### [What to work on]
Return the data below exactly, but only from the line containing "move=> r; split=> [Pr|]." through the line containing "(forall i : nat, principal", with both of those lines included.

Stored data
Lemma spec_image_lift P : prime_ideal P -> ~ ideal_sub (content p) P ->
  exists Q : C -> Prop, prime_ideal Q /\ ideal_eq P (fun r => Q (g (f r%:P))).
Proof.
move=> Pprime pnP; have Pxprime := coefs_in_prime Pprime; case: (Pprime) => PI P1 _.
have S1 := mul_powers1 p (@Sigma1 R).
have SM := mul_powersM (a := p) (Sigma_mul M_nonunits).
have loc := localization_comp f_loc g_loc.
have disjoint : forall s, mul_powers (@Sigma R) p s -> ~ coefs_in P s.
  move=> _ [s [n [Ss ->]]]; case: (Pxprime) => _ _ PxP /PxP [|/(prime_ideal_expr Pxprime) Pp].
    exact: (Sigma_not_coefs_in PI P1 Ss).
  by apply: pnP; apply: content_sub_ideal.
exists (loc_ext (mul_powers (@Sigma R) p) (g \o f) (coefs_in P)); split.
  exact: (loc_ext_prime loc S1 SM Pxprime disjoint).
move=> r; split=> [Pr|].
  by apply: loc_ext_img; [apply: S1 | apply: coefs_in_polyC].
by move=> /(loc_ext_prime_contract loc SM Pxprime disjoint) /(_ 0%N); rewrite coefC.
Qed.

End SpecImage.
End RX.

Unset Implicit Arguments. Set Strict Implicit.

Theorem mainTheorem15 (R : comNzRingType) (p : {poly R})
    (B : comNzRingType) (f : {rmorphism {poly R} -> B}) :
  is_local R ->
  is_localization (@Sigma R) f ->
  strong_divisor (f p) -> ~ is_unit (f p) ->
  [/\ ideal_eq (ext_ideal (fun r : R => f r%:P) (content p)) (principal (f p)),
      (exists rho : R, [/\ strong_divisor rho,
                           ideal_eq (content p) (principal rho) &
                           equivalent (f p) (f rho%:P)]),
      (forall i : nat, principal (f (p`_i)%:P) (f p) ->
                       ideal_eq (content p) (principal p`_i)) &
      (forall (C : comNzRingType) (g : {rmorphism B -> C}),
         is_localization (powers (f p)) g ->
         forall P : R -> Prop,
           (exists Q : C -> Prop, prime_ideal Q /\
                ideal_eq P (fun r => Q (g (f r%:P))))
           <-> (prime_ideal P /\ ~ ideal_sub (content p) P))].
Proof.
move=> /local_nonunits_ideal [M M_nonunits] f_loc p_sd _.
have [j [w pw]] := exists_coef_divisor M_nonunits f_loc p_sd.
split.
- exact: (ext_content_principal M_nonunits f_loc p_sd).
- exists p`_j; split.
  + exact: (coef_strong_divisor M_nonunits f_loc p_sd pw).
  + exact: (content_principal_coef M_nonunits f_loc p_sd (ex_intro _ w pw)).
  + rewrite pw; apply: equivalent_unit_mull.
    exact: (strong_divisor_coef_unit M_nonunits f_loc p_sd pw).
- exact: (content_principal_coef M_nonunits f_loc p_sd).
- move=> C g g_loc P; split=> [[Q [Qprime PQ]] | [Pprime pnP]].
  + exact: (spec_image_prime g_loc Qprime PQ).
  + exact: (spec_image_lift M_nonunits f_loc g_loc Pprime pnP).
Qed.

### [Written answer]
move=> r; split=> [Pr|].
  by apply: loc_ext_img; [apply: S1 | apply: coefs_in_polyC].
by move=> /(loc_ext_prime_contract loc SM Pxprime disjoint) /(_ 0%N); rewrite coefC.
Qed.

End SpecImage.
End RX.

Unset Implicit Arguments. Set Strict Implicit.

Theorem mainTheorem15 (R : comNzRingType) (p : {poly R})
    (B : comNzRingType) (f : {rmorphism {poly R} -> B}) :
  is_local R ->
  is_localization (@Sigma R) f ->
  strong_divisor (f p) -> ~ is_unit (f p) ->
  [/\ ideal_eq (ext_ideal (fun r : R => f r%:P) (content p)) (principal (f p)),
      (exists rho : R, [/\ strong_divisor rho,
                           ideal_eq (content p) (principal rho) &
                           equivalent (f p) (f rho%:P)]),
      (forall i : nat, principal (f (p`_i)%:P) (f p) ->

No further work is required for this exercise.